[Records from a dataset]
Lemma allow_NE_max i : user i -> total < m i -> d i = dmaxv i.
Proof.
move=> ui lt_m; have /andP[d0 ddm] := allow_NE_bounds ui.
apply/eqP; rewrite eq_le ddm /= leNgt; apply/negP => lt_dm.
have [x [dx xdm xm]] : exists x, [/\ d i < x, x <= dmaxv i & total - d i + x <= m i].
  have [h|h] := lerP (dmaxv i) (d i + (m i - total)).
  - by exists (dmaxv i); split => //; lra.
  - by exists (d i + (m i - total)); split; lra.
have s0 := allow_NE_others_ge0 ui; have e0 := eps_gt0 ui.
suff : payoff d i < payoff (ul_upd d i x) i.
  by rewrite ltNge (proj2 dNE) // xdm (le_trans d0 (ltW dx)).
rewrite -{1}(ul_upd_id d i).
apply: ul_payoff_upd_lt (cost_gt0 ui) ui _ _ _ _; try lra.
by apply: mulr_ge0; lra.
Qed.

Lemma allow_NE_zero i : user i -> m i < total -> d i = 0.
Proof.
move=> ui gt_m; have /andP[d0 ddm] := allow_NE_bounds ui.
apply/eqP; rewrite eq_le d0 andbT leNgt; apply/negP => gt_d0.
have [x [x0 xd xm]] : exists x, [/\ 0 <= x, x < d i & m i <= total - d i + x].
  have [h|h] := lerP (d i - (total - m i)) 0.
  - by exists 0; split => //; lra.
  - by exists (d i - (total - m i)); split; lra.
have s0 := allow_NE_others_ge0 ui; have e0 := eps_gt0 ui.
suff : payoff d i < payoff (ul_upd d i x) i.
  by rewrite ltNge (proj2 dNE) // x0 (le_trans (ltW xd) ddm).
rewrite -{1}(ul_upd_id d i).
apply: ul_payoff_upd_lt (cost_gt0 ui) ui _ _ _ _; try lra.
by apply: mulr_le0; lra.
Qed.

End AllowingGame.

Section ConstantCapacity.
Variables (R : realType) (I : nat) (dmaxv eps xi ell : nat -> R) (dmax : R).
Variable da : nat -> R.
Hypothesis eps_gt0 : forall i, ul_user I i -> 0 < eps i.
Hypothesis cost_gt0 : forall i, ul_user I i -> 0 < xi i * ell i.
Hypothesis dmaxvE : forall i, ul_user I i -> dmaxv i = dmax.
Hypothesis m_incr :
  forall i, (1 <= i)%N -> (i < I)%N -> ul_m eps xi ell i < ul_m eps xi ell i.+1.
Hypothesis daNE : allow_NE I eps xi ell dmaxv da.

Local Notation total := (total_data I).
Local Notation payoff := (ul_payoff I eps xi ell).
Local Notation user := (ul_user I).
Local Notation m := (ul_m eps xi ell).

Lemma ul_m_lt k l : user k -> user l -> (k < l)%N -> m k < m l.
Proof.
move=> uk ul; apply: (homo_ltn_in (D := ul_user I) (f := m) (@lt_trans _ _)) => //.
- move=> a b /andP[a1 aI] /andP[b1 bI] c /andP[ac cb].
  by apply/andP; rewrite (leq_trans a1 (ltnW ac)) (leq_trans (ltnW cb) bI).
- by move=> a /andP[a1 aI] /andP[_ aI']; apply: m_incr.
Qed.

Lemma allow_NE_le_max k : user k -> da k <= dmax.
Proof. by move=> uk; rewrite -(dmaxvE uk); case/andP: (allow_NE_bounds daNE uk). Qed.

Section Pivot.
Variable j : nat.
Hypothesis uj : user j.
Hypothesis total_eq_m : total da = m j.

Lemma allow_NE_below k : user k -> (k < j)%N -> da k = 0.
Proof.
move=> uk kj; apply: (allow_NE_zero eps_gt0 cost_gt0 daNE uk).
by rewrite total_eq_m ul_m_lt.
Qed.

Lemma allow_NE_above k : user k -> (j < k)%N -> da k = dmax.
Proof.
move=> uk jk; rewrite -(dmaxvE uk).
by apply: (allow_NE_max eps_gt0 cost_gt0 daNE uk); rewrite total_eq_m ul_m_lt.
Qed.

Lemma allow_NE_off_pivot k :
  user k -> da k = ul_upd (step_profile j dmax) j (da j) k.
Proof.
move=> uk; rewrite /ul_upd /step_profile; case: eqP => [->//|/eqP kj].
case: ltnP => [|jk]; first exact: allow_NE_below.
by apply: allow_NE_above uk _; rewrite ltn_neqAle eq_sym kj.
Qed.

Lemma allow_NE_pivot : da j = m j - (I - j)%:R * dmax.
Proof.
have /andP[j1 jI] := uj.
have := total_data_upd (step_profile j dmax) (da j) uj.
rewrite -(total_data_eq allow_NE_off_pivot) total_eq_m total_data_step ?j1 ?leqW //.
by rewrite /step_profile ltnn subSn // mulrS_natl; lra.
Qed.

End Pivot.

Lemma allow_NE_total_eq_m j : user j ->
  (I - j)%:R * dmax < m j < (I - j).+1%:R * dmax -> total da = m j.
Proof.
move=> uj; have /andP[j1 jI] := uj.
rewrite mulrS_natl => /andP[lo hi].
have [lt_m|gt_m|//] := ltgtP (total da) (m j).
- have : total (step_profile j dmax) <= total da.
    apply: total_data_le => k uk; rewrite /step_profile; case: ltnP => jk.
      by case/andP: (allow_NE_bounds daNE uk).
    rewrite -(dmaxvE uk) (allow_NE_max eps_gt0 cost_gt0 daNE uk) //.
    apply: lt_le_trans lt_m _; move: jk; rewrite leq_eqVlt => /predU1P[->//|jk].
    exact/ltW/(ul_m_lt uj uk jk).
  by rewrite total_data_step ?j1 ?leqW // subSn // mulrS_natl; lra.
- have : total da <= total (step_profile j.+1 dmax).
    apply: total_data_le => k uk; rewrite /step_profile; case: ltnP => kj.
      rewrite (allow_NE_zero eps_gt0 cost_gt0 daNE uk) //.
      apply: le_lt_trans gt_m; move: kj; rewrite ltnS leq_eqVlt => /predU1P[->//|kj].
      exact/ltW/(ul_m_lt uk uj kj).
    exact: allow_NE_le_max.
  by rewrite total_data_step ?subSS //; lra.
Qed.

Lemma forbid_NE_pivot_max j : user j ->
  (I - j)%:R * dmax < m j < (I - j).+1%:R * dmax ->
  (forall i, (j <= i <= I)%N ->
     xi i * ell i * dmax <=
     ln (((I - j).+1%:R * dmax + eps i) / ((I - j)%:R * dmax + eps i))) ->
  [/\ forbid_NE I eps xi ell dmaxv (step_profile j dmax),
      payoff (step_profile j dmax) j < payoff da j,
      (forall i, user i -> i != j -> payoff da i < payoff (step_profile j dmax) i)
    & total da < total (step_profile j dmax)].
Proof.
move=> uj hmj hln; have /andP[j1 jI] := uj.
have Sm := allow_NE_total_eq_m uj hmj.
have hda := allow_NE_off_pivot uj Sm; have daj := allow_NE_pivot uj Sm.
set T0 := (I - j)%:R * dmax in hmj hln daj.
have Tdf : total (step_profile j dmax) = T0 + dmax.
  by rewrite total_data_step ?j1 ?leqW // subSn // mulrS_natl.
move: hmj; rewrite mulrS_natl -/T0 => /andP[lo hi].
have dm0 : 0 < dmax by lra.
have T00 : 0 <= T0 by rewrite mulr_ge0 ?ler0n ?ltW.
split.
- apply: forbid_NE_step => // i ui ij; have e0 := eps_gt0 ui.
  + have dfi : step_profile j dmax i = 0 by rewrite /step_profile ij.
    have mij := ul_m_lt ui uj ij.
    rewrite -{2}(ul_upd_id (step_profile j dmax) i) dfi; apply/ltW.
    apply: ul_payoff_upd_lt (cost_gt0 ui) ui _ _ _ _; rewrite ?Tdf ?dfi; try lra.
    by apply: mulr_le0; lra.
  + have dfi : step_profile j dmax i = dmax by rewrite /step_profile ltnNge ij.
    have /andP[_ iI] := ui; have := hln i (introT andP (conj ij iI)).
    rewrite ul_payoff_upd // /ul_payoff Tdf dfi addrK addr0 mulrS_natl -/T0.
    rewrite ln_div ?posrE; lra.
- have dfj : step_profile j dmax j = dmax by rewrite /step_profile ltnn.
  have e0 := eps_gt0 uj.
  rewrite (ul_payoff_eq eps xi ell hda uj).
  rewrite -{1}(ul_upd_id (step_profile j dmax) j) dfj.
  by apply: ul_payoff_upd_lt (cost_gt0 uj) uj _ _ _ _; rewrite ?Tdf ?dfj ?daj; lra.
- move=> i ui ij; have e0 := eps_gt0 ui.
  apply: (ul_payoff_lt_total xi ell); rewrite ?Sm ?Tdf; try lra.
  by rewrite hda // /ul_upd (negbTE ij).
- by rewrite Sm Tdf.
Qed.

Lemma forbid_NE_pivot_zero j : user j ->
  (I - j)%:R * dmax < m j < (I - j).+1%:R * dmax ->
  (forall i, (1 <= i <= j)%N ->
     ln (((I - j).+1%:R * dmax + eps i) / ((I - j)%:R * dmax + eps i))
     <= xi i * ell i * dmax) ->
  [/\ forbid_NE I eps xi ell dmaxv (step_profile j.+1 dmax),
      (forall i, user i -> payoff (step_profile j.+1 dmax) i < payoff da i)
    & total (step_profile j.+1 dmax) < total da].
Proof.
move=> uj hmj hln; have /andP[j1 jI] := uj.
have Sm := allow_NE_total_eq_m uj hmj.
have hda := allow_NE_off_pivot uj Sm; have daj := allow_NE_pivot uj Sm.
rewrite -ul_upd_step_succ in hda.
set T0 := (I - j)%:R * dmax in hmj hln daj.
have Tdf : total (step_profile j.+1 dmax) = T0.
  by rewrite total_data_step ?ltnS ?jI ?subSS.
move: hmj; rewrite mulrS_natl -/T0 => /andP[lo hi].
have dm0 : 0 < dmax by lra.
have T00 : 0 <= T0 by rewrite mulr_ge0 ?ler0n ?ltW.
split.
- apply: forbid_NE_step => // i ui ij; have e0 := eps_gt0 ui.
  + have dfi : step_profile j.+1 dmax i = 0 by rewrite /step_profile ij.
    have /andP[i1 _] := ui; have := hln i (introT andP (conj i1 ij)).
    rewrite ul_payoff_upd // /ul_payoff Tdf dfi subr0 mulrS_natl -/T0.
    rewrite ln_div ?posrE; lra.
  + have dfi : step_profile j.+1 dmax i = dmax by rewrite /step_profile ltnNge ij.
    have mji := ul_m_lt uj ui ij.
    have T0d : dmax <= T0.
      apply: ler_peMl; first exact: ltW.
      by rewrite ler1n subn_gt0; case/andP: ui => _; exact: leq_trans ij.
    rewrite -{2}(ul_upd_id (step_profile j.+1 dmax) i) dfi; apply/ltW.
    apply: ul_payoff_upd_lt (cost_gt0 ui) ui _ _ _ _; rewrite ?Tdf ?dfi; try lra.
    by apply: mulr_ge0; lra.
- move=> i ui; have e0 := eps_gt0 ui.
  have [->|ij] := eqVneq i j.
  + have dfj : step_profile j.+1 dmax j = 0 by rewrite /step_profile ltnSn.
    have ej := eps_gt0 uj.
    rewrite (ul_payoff_eq eps xi ell hda uj).
    rewrite -{1}(ul_upd_id (step_profile j.+1 dmax) j) dfj.
    by apply: ul_payoff_upd_lt (cost_gt0 uj) uj _ _ _ _; rewrite ?Tdf ?dfj ?daj; lra.
  + apply: (ul_payoff_lt_total xi ell); rewrite ?Sm ?Tdf; try lra.
    by rewrite hda // /ul_upd (negbTE ij).
- by rewrite Sm Tdf.
Qed.

Lemma allow_NE_extreme :
  (forall j, user j -> ~ ((I - j)%:R * dmax <= m j <= (I - j).+1%:R * dmax)) ->
  forall i, user i -> da i = 0 \/ da i = dmax.
Proof.
move=> hno i ui; have /andP[d0 _] := allow_NE_bounds daNE ui.
have ddm := allow_NE_le_max ui.
have [dpos|dle] := ltrP 0 (da i); last by left; apply/eqP; rewrite eq_le dle d0.
have [dlt|dge] := ltrP (da i) dmax; last by right; apply/eqP; rewrite eq_le ddm dge.
have Sm : total da = m i.
  apply/eqP; rewrite eq_le !leNgt; apply/andP; split; apply/negP.
  - by move=> /(allow_NE_zero eps_gt0 cost_gt0 daNE ui); lra.
  - by move=> /(allow_NE_max eps_gt0 cost_gt0 daNE ui); rewrite dmaxvE //; lra.
have dai := allow_NE_pivot ui Sm; exfalso; apply: (hno i ui).
by rewrite mulrS_natl; apply/andP; split; lra.
Qed.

* [WHAT YOU HAVE TO DO]:
Look above and return each line of the records exactly, from the very first through the line with "have [x [dx", both included.

* [ANSWER TO THIS EXERCISE]:
Lemma allow_NE_max i : user i -> total < m i -> d i = dmaxv i.
Proof.
move=> ui lt_m; have /andP[d0 ddm] := allow_NE_bounds ui.
apply/eqP; rewrite eq_le ddm /= leNgt; apply/negP => lt_dm.
have [x [dx xdm xm]] : exists x, [/\ d i < x, x <= dmaxv i & total - d i + x <= m i].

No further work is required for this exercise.